Common Back Purge Problems

Purge Won’t Reach Target Oxygen Level

The chamber is leaking. Check these in order:

  1. Dam seals against pipe wall (inflatable dams may be underinflated)
  2. Tape seals on cardboard dams (aluminum tape, pressed firmly)
  3. Hose connections at the inlet fitting
  4. Root gap itself (tape over the root opening temporarily to check if the dams are the leak source)
  5. Any penetrations in the pipe wall (instrument taps, drain holes)

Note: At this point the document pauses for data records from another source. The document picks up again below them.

Lemma maximal_matching_exists N :
  matching E N -> exists2 M : {set {set V}}, N \subset M & maximal_matching E M.
Proof.
move=> /matchingP mN.
have [M /maxsetP[/matchingP mM maxM] NM] :=
  maxset_exists (P := [pred M : {set {set V}} | (M \subset E) && trivIset M]) mN.
exists M => //; split=> // e eE eM /matchingP meM.
by move: (maxM _ meM (subsetU1 e M)) => /setP/(_ e); rewrite setU11 (negbTE eM).
Qed.

Hypothesis equiE : equimatchable E.

Lemma matching_card_leq M N : maximal_matching E M -> matching E N -> #|N| <= #|M|.
Proof.
move=> maxM /maximal_matching_exists[N' NN' maxN'].
by rewrite (equiE maxM maxN') subset_leq_card.
Qed.

Lemma maximal_matching_card M N :
  maximal_matching E M -> matching E N -> #|N| = #|M| -> maximal_matching E N.
Proof.
move=> maxM mN cardN; have [N' NN' maxN'] := maximal_matching_exists mN.
suff -> : N = N' by [].
by apply/eqP; rewrite eqEcard NN' cardN (equiE maxM maxN') /=.
Qed.

End Matchings.

Section SimpleGraph.

Variables (V : finType) (E : {set {set V}}).
Hypothesis simpleE : simple_graph E.
Implicit Types (M : {set {set V}}) (f : {set V}).

Lemma edge_neq0 f : f \in E -> f != set0.
Proof. by move=> /simpleE cf; apply/eqP => f0; rewrite f0 cards0 in cf. Qed.

Lemma edge_neq p q : [set p; q] \in E -> p != q.
Proof. by move/simpleE; rewrite cards2; case: (p != q). Qed.

Lemma edge_other f z : f \in E -> z \in f -> exists2 z', z' != z & f = [set z; z'].
Proof.
move=> /simpleE/eqP/cards2P[p [q [pq ->]]] /set2P[->|->].
  by exists q; rewrite // eq_sym.
by exists p; rewrite // setUC.
Qed.

Lemma matching_set0 M : matching E M -> set0 \notin M.
Proof. by move=> mM; apply/negP => /(matching_edge mM)/edge_neq0/eqP. Qed.

Lemma maximal_matchingP M :
  maximal_matching E M <->
  matching E M /\ forall f, f \in E -> ~~ [disjoint f & cover M].
Proof.
split=> -[mM maxM]; split=> // f fE.
  apply/negP => df; apply: (maxM f fE _ (matching_setU1 mM fE df)).
  exact: disjoint_cover_notin (edge_neq0 fE) df.
move=> fM /matching_eq meq; move: (maxM f fE).
rewrite -setI_eq0 => /set0Pn[z /setIP[zf /bigcupP[e eM ze]]].
by rewrite (meq f e z (setU11 f M) (setU1r f eM) zf ze) eM in fM.
Qed.

Lemma maximal_matching_cover2 M a b :
  maximal_matching E M -> [set a; b] \in E -> (a \in cover M) || (b \in cover M).
Proof. by case/maximal_matchingP=> _ /[apply]; rewrite disjoint_set2 negb_and !negbK. Qed.

Lemma not_maximal_matching M : matching E M -> ~ maximal_matching E M ->
  exists2 f, f \in E & [disjoint f & cover M].
Proof.
move=> mM nmaxM; apply: NNPP => nf; apply/nmaxM/maximal_matchingP; split=> // f fE.
by apply/negP => df; apply: nf; exists f.
Qed.

Lemma cover_mate M z : matching E M -> z \in cover M ->
  exists2 z', [set z; z'] \in M & z' != z.
Proof.
move=> mM /bigcupP[e eM ze].
have [z' z'z ez] := edge_other (matching_edge mM eM) ze.
by exists z'; rewrite -?ez.
Qed.

Lemma matching_exchange2 M t t' x x' :
  matching E M -> [set t; t'] \in M -> [set x; x'] \in M ->
  [set t; x] \in E -> x' != t ->
  exists M', [/\ matching E M', [set t; x] \in M', #|M'|.+1 = #|M| &
                cover M' = cover M :\: [set x'; t']].
Proof.
move=> mM ttM xxM txE x't; have tiM := matching_trivIset mM.
have tx := edge_neq txE.
have tt' := edge_neq (matching_edge mM ttM).
have xx' := edge_neq (matching_edge mM xxM).
have tx' : t != x' by rewrite eq_sym.
have neq : [set t; t'] != [set x; x'].
  by apply/eqP => /setP/(_ t); rewrite !inE eqxx (negbTE tx) (negbTE tx').
have xt' : x != t'.
  apply: contra_neq neq => xt'; apply: (matching_eq mM ttM xxM (z := x)).
    by rewrite xt' set22.
  exact: set21.
have ttR : [set t; t'] \in M :\ [set x; x'] by rewrite !inE neq ttM.
pose R := M :\ [set x; x'] :\ [set t; t'].
have coverR : cover R = cover M :\: [set x; x'] :\: [set t; t'].
  by rewrite !coverD1 ?trivIsetD.
have dtx : [disjoint [set t; x] & cover R].
  by rewrite coverR disjoint_set2 !inE !eqxx /= andbF.
exists ([set t; x] |: R); split.
- exact: matching_setU1 (matchingS (subset_trans (subD1set _ _) (subD1set _ _)) mM) txE dtx.
- exact: setU11.
- rewrite card_setU1_disjoint ?edge_neq0 //.
  by rewrite [#|M|](cardsD1 [set x; x']) xxM [#|M :\ _|](cardsD1 [set t; t']) ttR.
apply/setP => z; rewrite cover_setU1 coverR !inE.
have tM : t \in cover M := mem_cover ttM (set21 t t').
have xM : x \in cover M := mem_cover xxM (set21 x x').
case: (eqVneq z t) => [->|zt]; first by rewrite (negbTE tx') (negbTE tt') tM.
case: (eqVneq z x) => [->|zx]; first by rewrite (negbTE xx') (negbTE xt') xM orbT.
by rewrite /=; case: (z == t'); case: (z == x').
Qed.

Definition always_covered (z : V) :=
  forall M, maximal_matching E M -> z \in cover M.

Lemma not_always_covered z :
  ~ always_covered z -> exists2 M, maximal_matching E M & z \notin cover M.
Proof.
move=> nAz; apply: NNPP => noM; apply: nAz => M maxM.
by apply: contraT => zM; case: noM; exists M.
Qed.

Hypothesis equiE : equimatchable E.

Lemma always_covered_mate M t s u : always_covered t -> maximal_matching E M ->
  [set t; s] \in M -> [set s; u] \in E -> u \in cover M.
Proof.
move=> At maxM tsM suE; apply: contraT => uM; have mM := maxM.1.
have ts := edge_neq (matching_edge mM tsM).
have coverD : cover (M :\ [set t; s]) = cover M :\: [set t; s].
  exact: coverD1 (matching_trivIset mM) tsM.
have dsu : [disjoint [set s; u] & cover (M :\ [set t; s])].
  by rewrite coverD disjoint_set2 !inE eqxx (negbTE uM) !andbF orbT.
have maxM' : maximal_matching E ([set s; u] |: M :\ [set t; s]).
  apply: (maximal_matching_card equiE maxM).
    exact: matching_setU1 (matchingS (subD1set _ _) mM) suE dsu.
  by rewrite card_setU1_disjoint ?edge_neq0 // [#|M|](cardsD1 [set t; s]) tsM.
move: (At _ maxM'); rewrite cover_setU1 coverD !inE eqxx (negbTE ts) /= orbF.
by move/eqP=> tu; rewrite -tu (At _ maxM) in uM.
Qed.

End SimpleGraph.

Lemma simple_graph_setD1 (V : finType) (E : {set {set V}}) e :
  simple_graph E -> simple_graph (E :\ e).
Proof. by move=> simpleE f /setD1P[_ /simpleE]. Qed.

Lemma maximal_matching_setD1 (V : finType) (E M : {set {set V}}) e :
  maximal_matching E M -> e \notin M -> maximal_matching (E :\ e) M.
Proof.
move=> [[/subsetP ME dM] maxM] eM; split.
  split=> //; apply/subsetP => f fM; rewrite !inE ME // andbT.
  by apply: contraNneq eM => <-.
move=> f /setD1P[_ fE] fM [/subsetP fME dfM]; apply: (maxM f fE fM); split=> //.
by apply/subsetP => g /fME /setD1P[].
Qed.

Lemma maximal_matching_setD1_matched (V : finType) (E M : {set {set V}}) e :
  simple_graph E -> maximal_matching E M -> e \in M ->
  (forall z u, z \in e -> [set z; u] \in E -> u \in cover M) ->
  maximal_matching (E :\ e) (M :\ e).
Proof.
move=> simpleE maxM eM coverN; have [/subsetP ME dM] := maxM.1.
apply/(maximal_matchingP (simple_graph_setD1 simpleE) (M :\ e)); split.
  split=> [|f g /setD1P[_ fM] /setD1P[_ gM]]; last exact: dM.
  by apply/subsetP => f /setD1P[fe /ME fE]; apply/setD1P.
move=> f /setD1P[fe fE]; rewrite coverD1 ?(matching_trivIset maxM.1) //.
move: (((maximal_matchingP simpleE M).1 maxM).2 f fE).
rewrite -!setI_eq0 => /set0Pn[z /setIP[zf zM]]; apply/set0Pn.
have [u _ fzu] := edge_other simpleE fE zf.
have [ze | zNe] := boolP (z \in e); last by exists z; rewrite !inE zf zNe zM.
have uM : u \in cover M by apply: coverN ze _; rewrite -fzu.
have [ue | uNe] := boolP (u \in e); last by exists u; rewrite !inE fzu set22 uNe uM.
case/eqP: fe; apply/eqP; rewrite eqEcard (simpleE _ fE) (simpleE _ (ME _ eM)) leqnn andbT.
by rewrite fzu subUset !sub1set ze ue.
Qed.
(* Let $G$ be a finite group of nilpotency class at most $2$. Let $e=\exp(G)$, $e'=\exp([G,G])$ and $f=\exp(G/Z(G))$. Then $$W:=\{x^m[x,y^n]\in F_2:\ m\mid e,\ n\mid f,\ n\le e'\}$$ is a $2$-exhaustive set for word images on $G$; that is, for every $v\in F_2$ there exists $w\in W$ with $v(G)=w(G)$.
   Context: $[a,b]=aba^{-1}b^{-1}$; $x,y$ are the free generators of $F_2$; for $w\in F_2$, $w(G)=\{w(a,b):a,b\in G\}$. Nilpotency class at most 2 means $[G,G]\subseteq Z(G)$. A subset $W\subseteq F_d$ is a $d$-exhaustive set for word images on $G$ if for every $v\in F_d$ there is $w\in W$ with $v(G)=w(G)$. *)

From HB Require Import structures.
From mathcomp Require Import all_boot all_fingroup all_solvable.
Set Implicit Arguments. Unset Strict Implicit. Unset Printing Implicit Defensive.
Local Open Scope group_scope.

(* Words in the free group F_2 on generators x, y, represented as group terms.
   Every element of F_2 is the value of such a term, and evaluation at (a,b)
   factors through F_2, so word images are well defined on F_2. *)
Inductive word2 : Type :=
  | WX : word2
  | WY : word2
  | W1 : word2
  | WMul : word2 -> word2 -> word2
  | WInv : word2 -> word2.

Fixpoint weval (gT : finGroupType) (a b : gT) (w : word2) : gT :=
  match w with
  | WX => a
  | WY => b
  | W1 => 1
  | WMul u v => weval a b u * weval a b v
  | WInv u => (weval a b u)^-1
  end.

Definition wpow (w : word2) (n : nat) : word2 := iter n (WMul w) W1.

(* paper's commutator convention [u,v] = u v u^-1 v^-1 *)
Definition wcomm (u v : word2) : word2 :=
  WMul (WMul u v) (WMul (WInv u) (WInv v)).

Definition wW (m n : nat) : word2 := WMul (wpow WX m) (wcomm WX (wpow WY n)).

Definition word_image (gT : finGroupType) (G : {set gT}) (w : word2) : {set gT} :=
  [set weval a b w | a in G, b in G].

From mathcomp Require Import all_boot all_fingroup all_solvable.
From mathcomp Require Import zify.
Set Implicit Arguments. Unset Strict Implicit. Unset Printing Implicit Defensive.
Local Open Scope group_scope.

(* In class 2, every word evaluates at (a, b) to a collected form
   a^i b^j [a,b]^l, so v(G) is the set T(i,j,l) of all such values.  The
   Nielsen substitutions a |-> a b^h and b |-> b a^h permute G x G and act on
   (i, j) by elementary column operations, so Euclid's algorithm, run once on
   (i, j) and once more on (gcd(i,j), exp G), brings the exponents to
   (m, 0) with m | exp G.  Finally b |-> b^u with Bezout coefficients u
   replaces l by gcd(l, exp [G,G]), which divides exp(G/Z(G)). *)

Lemma weval_wpow (gT : finGroupType) (a b : gT) w n :
  weval a b (wpow w n) = weval a b w ^+ n.
Proof. by elim: n => [|n IHn] //=; rewrite IHn expgS. Qed.

Definition collected (gT : finGroupType) (a b : gT) (i j l : nat) :=
  a ^+ i * b ^+ j * [~ a, b] ^+ l.

Section ClassTwo.

Variables (gT : finGroupType) (G : {group gT}).
Hypothesis cGG : [~: G, G] \subset 'Z(G).

Let e := exponent G.
(* Exponents are natural numbers: k plays the role of -1 modulo e. *)
Let k := e.-1.

Lemma exponent_predK : e = k.+1.
Proof. by rewrite /k prednK // exponent_gt0. Qed.

Lemma commg_center x y : x \in G -> y \in G -> [~ x, y] \in 'Z(G).
Proof. by move=> xG yG; apply: (subsetP cGG); apply: mem_commg. Qed.

Lemma center_mulC z x : z \in 'Z(G) -> x \in G -> z * x = x * z.
Proof. by move=> zZ xG; rewrite (centerC xG zZ). Qed.

Lemma center_conj z x : z \in 'Z(G) -> x \in G -> z ^ x = z.
Proof. by move=> zZ xG; rewrite /conjg (center_mulC zZ xG) mulKg. Qed.

Lemma commute_commg x y z : x \in G -> y \in G -> z \in G -> commute z [~ x, y].
Proof. by move=> xG yG zG; apply: (centerC zG); apply: commg_center. Qed.

Lemma commgXXn x y i j : x \in G -> y \in G ->
  [~ x ^+ i, y ^+ j] = [~ x, y] ^+ (i * j).
Proof. by move=> xG yG; apply: commXXg; apply: commute_commg. Qed.

Lemma commgXn x y j : x \in G -> y \in G -> [~ x, y ^+ j] = [~ x, y] ^+ j.
Proof. by move=> xG yG; have := commgXXn 1 j xG yG; rewrite expg1 mul1n. Qed.

Lemma commXgn x y i : x \in G -> y \in G -> [~ x ^+ i, y] = [~ x, y] ^+ i.
Proof. by move=> xG yG; have := commgXXn i 1 xG yG; rewrite expg1 muln1. Qed.

Lemma commgVn x y : x \in G -> y \in G -> [~ y, x] = [~ x, y] ^+ k.
Proof.
move=> xG yG; rewrite -invg_comm; apply/eqP; rewrite eq_invg_mul -expgS.
by rewrite -exponent_predK expg_exponent ?groupR.
Qed.

Lemma commgXXVn x y i j : x \in G -> y \in G ->
  [~ y ^+ j, x ^+ i] = [~ x, y] ^+ (k * (j * i)).
Proof. by move=> xG yG; rewrite commgXXn // (commgVn xG yG) -expgM. Qed.

(* [~ x, y] is x^-1 y^-1 x y, while wcomm follows the convention x y x^-1 y^-1;
   the two agree in class 2. *)
Lemma commg_wcommE x y : x \in G -> y \in G -> x * y * (x^-1 * y^-1) = [~ x, y].
Proof.
move=> xG yG; rewrite (commgC x y) -mulgA (center_mulC (commg_center xG yG)).
  by rewrite !mulgA mulgK mulgV mul1g commgEl /conjg !mulgA.
by rewrite groupM ?groupV.
Qed.

Section Collected.

Variables (a b : gT).
Hypotheses (aG : a \in G) (bG : b \in G).

Local Notation c := [~ a, b].

Lemma commgX_center n : c ^+ n \in 'Z(G).
Proof. exact/groupX/commg_center. Qed.

Lemma collected0 : collected a b 0 0 0 = 1.
Proof. by rewrite /collected !expg0 !mulg1. Qed.

Lemma collected_mod i j l :
  collected a b (i %% e) (j %% e) (l %% e) = collected a b i j l.
Proof. by rewrite /collected !expg_mod ?expg_exponent ?groupR. Qed.

Lemma collected_mul i j l i' j' l' :
  collected a b i j l * collected a b i' j' l' =
  collected a b (i + i') (j + j') (l + l' + k * (j * i')).
Proof.
have swap_ba : b ^+ j * a ^+ i' = a ^+ i' * b ^+ j * c ^+ (k * (j * i')).
  by rewrite commgC commgXXVn.
rewrite /collected -mulgA (center_mulC (commgX_center l)); last first.
  by rewrite !groupM ?groupX ?groupR.
rewrite !mulgA -[a ^+ i * _ * _]mulgA swap_ba !mulgA.
rewrite -[_ * c ^+ _ * b ^+ j']mulgA (center_mulC (commgX_center _)) ?groupX //.
by rewrite !expgD -!mulgA -!expgD addnC [l' + l]addnC addnA.
Qed.

Lemma collected_inv i j l :
  (collected a b i j l)^-1 = collected a b (k * i) (k * j) (k * (l + i * j)).
Proof.
apply/eqP; rewrite eq_invg_mul collected_mul -collected_mod exponent_predK.
have -> : (l + k * (l + i * j) + k * (j * (k * i)) = k.+1 * (l + k * (i * j)))%N.
  by nia.
by rewrite -!mulSn !modnMr collected0.
Qed.

End Collected.

Lemma weval_collected v : exists i j l,
  forall a b, a \in G -> b \in G -> weval a b v = collected a b i j l.
Proof.
elim: v => [| | | u [i [j [l IHu]]] w [i' [j' [l' IHw]]] | u [i [j [l IHu]]]].
- by exists 1%N, 0%N, 0%N => a b aG bG; rewrite /collected expg1 !expg0 !mulg1.
- by exists 0%N, 1%N, 0%N => a b aG bG; rewrite /collected expg1 !expg0 mul1g mulg1.
- by exists 0%N, 0%N, 0%N => a b aG bG; rewrite collected0.
- exists (i + i')%N, (j + j')%N, (l + l' + k * (j * i'))%N => a b aG bG.
  by rewrite /= IHu // IHw // collected_mul.
- exists (k * i)%N, (k * j)%N, (k * (l + i * j))%N => a b aG bG.
  by rewrite /= IHu // collected_inv.
Qed.

Lemma collected_shearl a b h i j l : a \in G -> b \in G ->
  collected (a * b ^+ h) b i j l =
  collected a b i (h * i + j) (k * (h * 'C(i, 2)) + l).
Proof.
move=> aG bG; have bhG : b ^+ h \in G by rewrite groupX.
rewrite /collected; have -> : [~ a * b ^+ h, b] = [~ a, b].
  rewrite commMgJ center_conj ?commg_center //.
  have /commgP/eqP -> : commute (b ^+ h) b by exact/commute_sym/commuteX.
  by rewrite mulg1.
rewrite (expMg_Rmul i (commute_commg bhG aG bhG) (commute_commg bhG aG aG)).
rewrite commXgn // (commgVn aG bG) -!expgM.
rewrite -[_ * _ * b ^+ j]mulgA (center_mulC (commgX_center _ _ _)) ?groupX //.
by rewrite !expgD !mulgA.
Qed.

Lemma collected_shearr a b h i j l : a \in G -> b \in G ->
  collected a (b * a ^+ h) i j l =
  collected a b (i + h * j) j (k * (j * (h * j)) + h * 'C(j, 2) + l).
Proof.
move=> aG bG; have ahG : a ^+ h \in G by rewrite groupX.
rewrite /collected; have -> : [~ a, b * a ^+ h] = [~ a, b].
  by rewrite commgMJ commgXg mul1g center_conj ?commg_center.
rewrite (expMg_Rmul j (commute_commg ahG bG ahG) (commute_commg ahG bG bG)).
rewrite commXgn // -!expgM !mulgA -[a ^+ i * b ^+ j * _]mulgA [b ^+ j * _]commgC.
by rewrite commgXXVn // !expgD !mulgA.
Qed.

Definition collected_image i j l := [set collected a b i j l | a in G, b in G].

Lemma word_image_collected v : exists i j l, word_image G v = collected_image i j l.
Proof.
have [i [j [l evE]]] := weval_collected v.
by exists i, j, l; apply: eq_in_imset2.
Qed.

Lemma collected_image_congr_mod i j l i' j' l' :
  i = i' %[mod e] -> j = j' %[mod e] -> l = l' %[mod e] ->
  collected_image i j l = collected_image i' j' l'.
Proof.
move=> Ei Ej El; apply: eq_in_imset2 => a b aG bG.
by rewrite -collected_mod // Ei Ej El collected_mod.
Qed.

Lemma collected_image_shearl h i j l :
  collected_image i (h * i + j) (k * (h * 'C(i, 2)) + l) = collected_image i j l.
Proof.
apply/setP => g; apply/imset2P/imset2P => -[a b aG bG ->].
  by exists (a * b ^+ h) b; rewrite ?collected_shearl // groupM ?groupX.
have abG : a * (b ^+ h)^-1 \in G by rewrite groupM ?groupV ?groupX.
by exists (a * (b ^+ h)^-1) b; rewrite // -collected_shearl ?mulgKV.
Qed.

Lemma collected_image_shearr h i j l :
  collected_image (i + h * j) j (k * (j * (h * j)) + h * 'C(j, 2) + l) =
  collected_image i j l.
Proof.
apply/setP => g; apply/imset2P/imset2P => -[a b aG bG ->].
  by exists a (b * a ^+ h); rewrite ?collected_shearr // groupM ?groupX.
have baG : b * (a ^+ h)^-1 \in G by rewrite groupM ?groupV ?groupX.
by exists a (b * (a ^+ h)^-1); rewrite // -collected_shearr ?mulgKV.
Qed.

Lemma collected_image_subl i j l : (i <= j)%N ->
  exists l', collected_image i j l = collected_image i (j - i) l'.
Proof.
move=> le_ij; exists (k * (k * 'C(i, 2)) + l)%N.
rewrite -(collected_image_shearl k); apply: collected_image_congr_mod => //.
by rewrite exponent_predK -{1}(subnKC le_ij) addnA -mulSnr mulnC modnMDl.
Qed.

Lemma collected_image_subr i j l : (j <= i)%N ->
  exists l', collected_image i j l = collected_image (i - j) j l'.
Proof.
move=> le_ji; exists (k * (j * (k * j)) + k * 'C(j, 2) + l)%N.
rewrite -(collected_image_shearr k); apply: collected_image_congr_mod => //.
by rewrite exponent_predK -{1}(subnKC le_ji) addnAC -mulSn mulnC modnMDl.
Qed.

Lemma collected_image_gcd i j l :
  exists l', collected_image i j l = collected_image (gcdn i j) 0 l'.
Proof.
have [n] := ubnP (i + j); elim: n => // n IHn in i j l *; rewrite ltnS => le_ij_n.
have [-> | j_gt0] := posnP j; first by exists l; rewrite gcdn0.
have [-> | i_gt0] := posnP i.
  rewrite gcd0n -(collected_image_shearr 1) add0n mul1n; set l1 := (_ + l)%N.
  have [l' ->] := collected_image_subl l1 (leqnn j).
  by exists l'; rewrite subnn.
have [le_ij | lt_ji] := leqP i j.
  have [l' ->] := collected_image_subl l le_ij.
  have [|l'' ->] := IHn i (j - i) l'; first lia.
  by exists l''; rewrite -gcdnDl subnKC.
have [l' ->] := collected_image_subr l (ltnW lt_ji).
have [|l'' ->] := IHn (i - j) j l'; first lia.
by exists l''; rewrite gcdnC -gcdnDl subnKC 1?gcdnC // ltnW.
Qed.

Lemma collected_image_commg_gcd i l :
  collected_image i 0 l = collected_image i 0 (gcdn l (exponent [~: G, G])).
Proof.
set e' := exponent [~: G, G].
have [-> | l_gt0] := posnP l.
  apply: eq_in_imset2 => a b aG bG.
  by rewrite /collected gcd0n expg_exponent ?expg0 ?mem_commg.
set n := gcdn l e'; have [u v Bezout _] := egcdnP e' l_gt0.
apply/setP => g; apply/imset2P/imset2P => -[a b aG bG ->].
  exists a (b ^+ (l %/ n)); rewrite ?groupX // /collected !expg0 commgXn //.
  by rewrite -expgM divnK ?dvdn_gcdl.
exists a (b ^+ u); rewrite ?groupX // /collected !expg0 commgXn //.
rewrite -expgM Bezout expgD mulnC expgM.
by rewrite expg_exponent ?expg1n ?mul1g ?mem_commg.
Qed.

Lemma exponent_derived_dvd : exponent [~: G, G] %| exponent (G / 'Z(G)).
Proof.
have abelian_comm : abelian (commg_set G G).
  exact: abelianS (subset_trans (subset_gen _) cGG) (center_abelian G).
rewrite /commutator abelian_exponent_gen //.
apply/exponentP => _ /imset2P[x y xG yG ->].
have yN : y \in 'N('Z(G)) by rewrite (subsetP (normal_norm (center_normal G))).
have yfZ : y ^+ exponent (G / 'Z(G)) \in 'Z(G).
  by apply: coset_idr; rewrite ?groupX // morphX ?expg_exponent ?mem_quotient.
by rewrite -commgXn //; apply/eqP/commgP/commute_sym/center_mulC.
Qed.

Lemma weval_wW a b m n : a \in G -> b \in G ->
  weval a b (wW m n) = collected a b m 0 n.
Proof.
move=> aG bG; rewrite /= !weval_wpow commg_wcommE ?groupX // commgXn //.
by rewrite /collected expg0 mulg1.
Qed.

Lemma word_image_wW m n : word_image G (wW m n) = collected_image m 0 n.
Proof. by apply: eq_in_imset2 => a b aG bG; rewrite weval_wW. Qed.

End ClassTwo.

Theorem theorem3p7 (gT : finGroupType) (G : {group gT}) :
  ([~: G, G] \subset 'Z(G))%g ->
  forall v : word2,
    exists m n : nat,
      [/\ m %| exponent G, n %| exponent (G / 'Z(G))%g,
          n <= exponent [~: G, G]%g
        & word_image G v = word_image G (wW m n)].
Proof.
move=> cGG v.
have [i [j [l ->]]] := word_image_collected cGG v.
have [l1 ->] := collected_image_gcd cGG i j l.
have -> : collected_image G (gcdn i j) 0 l1 =
          collected_image G (gcdn i j) (exponent G) l1.
  by apply: collected_image_congr_mod; rewrite ?modnn ?mod0n.
have [l2 ->] := collected_image_gcd cGG (gcdn i j) (exponent G) l1.
exists (gcdn (gcdn i j) (exponent G)), (gcdn l2 (exponent [~: G, G])); split.
- exact: dvdn_gcdr.
- exact: dvdn_trans (dvdn_gcdr _ _) (exponent_derived_dvd cGG).
- exact: dvdn_leq (exponent_gt0 _) (dvdn_gcdr _ _).
by rewrite (word_image_wW cGG) (collected_image_commg_gcd cGG).
Qed.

Root Sugar Despite “Good” Purge

If the analyzer showed low oxygen but the root still has sugar:

  • The analyzer probe was in the wrong location (measuring inlet gas, not chamber atmosphere)
  • The purge failed during welding (flow interrupted or dam shifted from thermal expansion)
  • The analyzer sensor is depleted or miscalibrated
  • The root gap is wide enough that weld heat disrupts the purge boundary and draws in air

Excessive Argon Consumption

Large-diameter pipe and long purge volumes consume significant argon. Strategies to reduce consumption:

  • Move dams closer together (minimum 3" from the joint)
  • Use tighter-sealing inflatable dams instead of tape/cardboard
  • Reduce initial purge flow rate (10 CFH works, just takes longer)
  • Drop to 3-5 CFH maintenance flow during welding
  • Cover the vent hole with a flap that allows gas out but limits air entry

Dam Shifted During Welding

Heat from welding can melt tape adhesive or soften foam dams, allowing them to shift. Position dams far enough from the joint that direct radiant heat doesn’t reach them. On stainless pipe, 4-6 inches from the joint is usually sufficient. If dams shift, you lose the seal and the purge fails.

Purge Equipment Checklist

For a standard stainless pipe TIG purge, you need:

  • Inflatable purge dams or materials for fabricated dams
  • Argon cylinder with regulator and flowmeter
  • Flexible argon supply hose (1/4" ID minimum)
  • Hose barb fitting for the dam inlet
  • Oxygen analyzer with sampling probe (for critical work)
  • Aluminum tape for sealing
  • Timer or watch for purge duration tracking

Keep a dedicated purge kit organized and ready. Assembling materials from scratch for each purge wastes time and increases the chance of forgetting a component.